When inflation falls
- Consumers and households — Lower inflation preserves purchasing power. In early 2025, easing inflation and lower borrowing costs supported stronger domestic demand and economic growth of 0.4% in the first quarter.
- Homebuyers — Falling inflation leads to ECB rate cuts, which lower mortgage costs and make housing more affordable.
- Stock market investors — Lower inflation fuels expectations of rate cuts, which lifts stock prices. In June 2025, German stocks edged higher after softer-than-expected inflation data. Italian shares rallied in March 2023 after Spanish and German inflation slowed.
- Gold investors — ECB rate cuts reduce bond interest rates, making gold more attractive. Gold surged 2% above $3,400 per ounce in April 2025 after an ECB rate cut.

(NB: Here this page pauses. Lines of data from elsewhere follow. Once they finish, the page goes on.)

Lemma is_series_half_telescope (a b : nat -> R) (la lb : R) :
  is_series a la -> is_series b lb ->
  is_series (fun k => (a k - a (S k)) / 2 - b k) (a 0%nat / 2 - lb).
Proof.
  intros Ha Hb.
  assert (Hshift : is_series (fun k => a (S k)) (la - a 0%nat)).
  { apply is_series_incr_1. unfold plus. simpl.
    replace (la - a 0%nat + a 0%nat) with la by ring. exact Ha. }
  pose proof (is_series_scal_r (/ 2) _ _ (is_series_minus _ _ _ _ Ha Hshift)) as Htele.
  replace (a 0%nat / 2 - lb) with ((la - (la - a 0%nat)) * / 2 - lb) by field.
  exact (is_series_minus _ _ _ _ Htele Hb).
Qed.

Section NegativePower.

Variable s : R.
Hypothesis s_pos : 0 < s.

Definition f (x : R) : R := Rpower x (- s).
Definition f' (x : R) : R := - s * Rpower x (- s - 1).
Definition f'' (x : R) : R := s * (s + 1) * Rpower x (- s - 2).

Lemma f_pos (x : R) : 0 < f x.
Proof. apply Rpower_gt_0. Qed.

Lemma f_decr (x y : R) : 0 < x <= y -> f y <= f x.
Proof. intro Hxy. apply Rle_Rpower_l_neg; lra. Qed.

Lemma f''_nonneg (x : R) : 0 <= f'' x.
Proof. unfold f''. pose proof (Rpower_gt_0 x (- s - 2)). apply Rmult_le_pos; nra. Qed.

Lemma f''_decr (x y : R) : 0 < x <= y -> f'' y <= f'' x.
Proof.
  intro Hxy. unfold f''. apply Rmult_le_compat_l; [nra |].
  apply Rle_Rpower_l_neg; lra.
Qed.

Lemma is_derive_f (x : R) : 0 < x -> is_derive f x (f' x).
Proof. intro Hx. apply is_derive_Reals, derivable_pt_lim_power, Hx. Qed.

Lemma is_derive_f' (x : R) : 0 < x -> is_derive f' x (f'' x).
Proof.
  intro Hx. unfold f', f''.
  replace (s * (s + 1) * Rpower x (- s - 2)) with (- s * ((- s - 1) * Rpower x (- s - 1 - 1)))
    by (replace (- s - 1 - 1) with (- s - 2) by ring; ring).
  apply is_derive_scal, is_derive_Reals, derivable_pt_lim_power, Hx.
Qed.

Lemma is_lim_seq_f_shift (c : R) : 0 < c -> is_lim_seq (fun k => f (c + INR k)) 0.
Proof.
  intro Hc. apply is_lim_seq_Reals. intros eps Heps.
  destruct (INR_unbounded (Rpower (/ eps) (/ s))) as [N HN].
  exists N. intros k Hk. unfold Rdist. rewrite Rminus_0_r, Rabs_pos_eq by (left; apply f_pos).
  unfold f. rewrite Rpower_Ropp.
  assert (Hroot : Rpower (Rpower (/ eps) (/ s)) s = / eps).
  { rewrite Rpower_mult, Rinv_l, Rpower_1 by (apply Rinv_0_lt_compat in Heps; lra). reflexivity. }
  rewrite <- (Rinv_inv eps). apply Rinv_lt_contravar.
  - apply Rmult_lt_0_compat; [apply Rinv_0_lt_compat, Heps | apply Rpower_gt_0].
  - rewrite <- Hroot. apply Rlt_Rpower_l; [exact s_pos |].
    split; [apply Rpower_gt_0 |]. apply le_INR in Hk. lra.
Qed.

Definition h (x : R) : R := (f (x + / 2) + f (x - / 2) - 2 * f x) / 2.

Lemma h_bounds (x : R) : / 2 < x -> 0 <= h x <= f'' (x - / 2) / 4.
Proof.
  intro Hx.
  destruct (second_difference_bounds f f' f'' x (/ 2) (f'' (x - / 2))) as [H0 H1].
  - lra.
  - intros y Hy. apply is_derive_f. lra.
  - intros y Hy. apply is_derive_f'. lra.
  - intros y Hy. split; [apply f''_nonneg | apply f''_decr; lra].
  - unfold h. split; lra.
Qed.

Lemma h_le_f (x : R) : / 2 < x -> h x <= f (x - / 2).
Proof.
  intro Hx. unfold h.
  pose proof (f_pos x). pose proof (f_decr (x - / 2) (x + / 2) ltac:(lra)). lra.
Qed.

(* [2 (h x - h (x + 1))] is the second difference at [x] of [y |-> f y - f (y + 1)],
   which is convex because [f''] is decreasing. *)
Lemma h_decr (x : R) : / 2 < x -> h (x + 1) <= h x.
Proof.
  intro Hx.
  destruct (second_difference_bounds (fun y => f y - f (y + 1)) (fun y => f' y - f' (y + 1))
              (fun y => f'' y - f'' (y + 1)) x (/ 2) (f'' (x - / 2))) as [H0 _].
  - lra.
  - intros y Hy. apply (is_derive_minus f).
    + apply is_derive_f. lra.
    + apply is_derive_shift, is_derive_f. lra.
  - intros y Hy. apply (is_derive_minus f').
    + apply is_derive_f'. lra.
    + apply is_derive_shift, is_derive_f'. lra.
  - intros y Hy. pose proof (f''_nonneg (y + 1)).
    pose proof (f''_decr y (y + 1) ltac:(lra)). pose proof (f''_decr (x - / 2) y ltac:(lra)).
    lra.
  - unfold h. replace (x + 1 - / 2) with (x + / 2) by field.
    replace (x - / 2 + 1) with (x + / 2) in H0 by field.
    replace (x + / 2 + 1) with (x + 1 + / 2) in H0 by field.
    lra.
Qed.

Lemma A_ns_decomposition (n : nat) : (1 <= n)%nat ->
  exists D, A_ns n s = f (INR n - / 2) / 2 - D /\ 0 <= D <= f'' (INR n - / 2) / 4.
Proof.
  intro Hn. apply le_INR in Hn. simpl in Hn.
  set (m := INR n - / 2).
  set (u := fun k => f (m + INR k)).
  set (v := fun k => h (INR n + INR k)).
  assert (Hu_decr : forall k, u (S k) <= u k).
  { intro k. unfold u. rewrite S_INR. apply f_decr. pose proof (pos_INR k). unfold m. lra. }
  assert (Hu_lim : is_lim_seq u 0) by (apply is_lim_seq_f_shift; unfold m; lra).
  assert (Hv_decr : forall k, v (S k) <= v k).
  { intro k. unfold v. rewrite S_INR, <- Rplus_assoc. apply h_decr. pose proof (pos_INR k). lra. }
  assert (Hv_lim : is_lim_seq v 0).
  { apply (is_lim_seq_le_le (fun _ => 0) v u); [| apply is_lim_seq_const | exact Hu_lim].
    intro k. unfold u, v. pose proof (pos_INR k).
    replace (m + INR k) with (INR n + INR k - / 2) by (unfold m; ring).
    split; [apply h_bounds | apply h_le_f]; lra. }
  destruct (alternating_series_bounds u Hu_decr Hu_lim) as [lu [Hlu _]].
  destruct (alternating_series_bounds v Hv_decr Hv_lim) as [lv [Hlv Hlv_bounds]].
  exists lv. split.
  - unfold A_ns. apply is_series_unique.
    replace (f m) with ((-1) ^ 0 * u 0%nat) by (unfold u; simpl; rewrite Rplus_0_r; ring).
    eapply is_series_ext; [| exact (is_series_half_telescope _ _ _ _ Hlu Hlv)]. intro k.
    unfold u, v, h. rewrite plus_INR, S_INR.
    replace ((-1) ^ k / Rpower (INR n + INR k) s) with ((-1) ^ k * f (INR n + INR k))
      by (unfold f, Rdiv; rewrite Rpower_Ropp; ring).
    replace (m + INR k) with (INR n + INR k - / 2) by (unfold m; ring).
    replace (m + (INR k + 1)) with (INR n + INR k + / 2) by (unfold m; field).
    simpl. field.
  - destruct (h_bounds (INR n)) as [_ Hh]; [lra |].
    unfold v in Hlv_bounds. simpl in Hlv_bounds. rewrite Rplus_0_r in Hlv_bounds.
    fold m in Hh. lra.
Qed.

End NegativePower.

Lemma Rabs_inv_sub_le (a D : R) : 0 < a -> 0 <= D <= a / 2 ->
  Rabs (/ (a - D) - / a) <= 2 * D / a ^ 2.
Proof.
  intros Ha HD.
  replace (/ (a - D) - / a) with (D / (a * (a - D))) by (field; lra).
  rewrite Rabs_pos_eq by (apply Rmult_le_pos; [lra | left; apply Rinv_0_lt_compat; nra]).
  replace (2 * D / a ^ 2) with (D * / (a * (a / 2))) by (field; lra).
  apply Rmult_le_compat_l; [lra |].
  apply Rinv_le_contravar; nra.
Qed.

Lemma A_ns_inv_error (s : R) (n : nat) : 0 < s <= 1 -> (2 <= n)%nat ->
  let m := INR n - / 2 in
  Rabs (/ A_ns n s - 2 * Rpower m s) <= 4 * Rpower m s / m ^ 2.
Proof.
  intros Hs Hn m.
  assert (Hm : 3 / 2 <= m) by (apply le_INR in Hn; simpl in Hn; unfold m; lra).
  destruct (A_ns_decomposition s ltac:(lra) n ltac:(lia)) as [D [HA HD]].
  fold m in HA, HD.
  set (t := Rpower m s) in *.
  assert (Ht : 0 < t) by apply Rpower_gt_0.
  assert (Hm2 : 9 / 4 <= m ^ 2) by nra.
  assert (Hf : f s m = / t) by apply Rpower_Ropp.
  assert (Hf'' : f'' s m = s * (s + 1) / (t * m ^ 2)).
  { unfold f''. replace (- s - 2) with (- s + - INR 2) by (simpl; ring).
    rewrite Rpower_plus, !Rpower_Ropp, Rpower_pow by lra. fold t. field; nra. }
  set (a := / (2 * t)).
  assert (Ha : 0 < a) by (apply Rinv_0_lt_compat; lra).
  assert (HDa : D <= a / m ^ 2).
  { rewrite Hf'' in HD. unfold a.
    apply (Rle_trans _ (s * (s + 1) / (t * m ^ 2) / 4)); [lra |].
    apply (Rmult_le_reg_r (4 * t * m ^ 2)); [nra |].
    replace (s * (s + 1) / (t * m ^ 2) / 4 * (4 * t * m ^ 2)) with (s * (s + 1)) by (field; nra).
    replace (/ (2 * t) / m ^ 2 * (4 * t * m ^ 2)) with 2 by (field; nra).
    nra. }
  assert (HDa2 : D <= a / 2).
  { apply (Rle_trans _ _ _ HDa). apply Rmult_le_compat_l; [lra |].
    apply Rinv_le_contravar; nra. }
  replace (/ A_ns n s) with (/ (a - D)) by (rewrite HA, Hf; unfold a; f_equal; field; lra).
  replace (2 * t) with (/ a) by (unfold a; field; lra).
  apply (Rle_trans _ _ _ (Rabs_inv_sub_le a D Ha ltac:(lra))).
  apply (Rle_trans _ (2 * (a / m ^ 2) / a ^ 2)).
  - apply Rmult_le_compat_r; [apply Rlt_le, Rinv_0_lt_compat; nra | lra].
  - right. unfold a. field. nra.
Qed.

Lemma Zpow_succ_neq_pow2_mul_odd (q : nat) (k r : Z) : (1 <= q)%nat -> Z.odd r = true ->
  (k ^ Z.of_nat (S q) <> 2 ^ Z.of_nat q * r)%Z.
Proof.
  intros Hq Hr E.
  destruct (Z.Even_or_Odd k) as [[j Hj] | [j Hj]]; subst k.
  - rewrite Z.pow_mul_l, Nat2Z.inj_succ, Z.pow_succ_r, (Z.mul_comm 2), <- Z.mul_assoc in E by lia.
    apply Z.mul_reg_l in E; [| apply Z.pow_nonzero; lia].
    rewrite <- E, Z.odd_mul in Hr. discriminate.
  - apply (f_equal Z.odd) in E.
    rewrite Z.odd_pow, Z.odd_mul, Z.add_comm, Z.odd_add_mul_2 in E by lia.
    replace (Z.of_nat q) with (Z.succ (Z.of_nat q - 1)) in E by lia.
    rewrite Z.pow_succ_r, Z.odd_mul in E by lia. discriminate.
Qed.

- Manufacturers and businesses — Falling input costs and cheaper credit restore confidence and make expansion affordable. German business confidence dropped sharply in May 2023 when inflation was stubbornly high. Retail sales barely grew in October 2023 because high prices and borrowing costs crushed demand. The reversal of those pressures in 2025 helped business activity recover.
- Borrowers across the Eurozone — Eight consecutive ECB rate cuts between mid-2024 and mid-2025 brought the deposit rate from its peak down to 2.0%, directly lowering the cost of loans for households and businesses.
When inflation rises (who loses)
- German consumers and the German economy — The economy contracted 0.1% in the third quarter of 2023 as persistent inflation eroded household spending power.
- European workers — Business activity contracted for seven straight months through late 2023, and employment declined as companies cut capacity in response to weak demand driven by high prices.
- Italian industry — Industrial production fell 1.5% in November 2023, the largest drop since April, as elevated borrowing costs tied to inflation weighed on output.
- Stock market investors — European stocks fell in April 2023 after inflation accelerated in France and Spain, raising fears of further rate increases.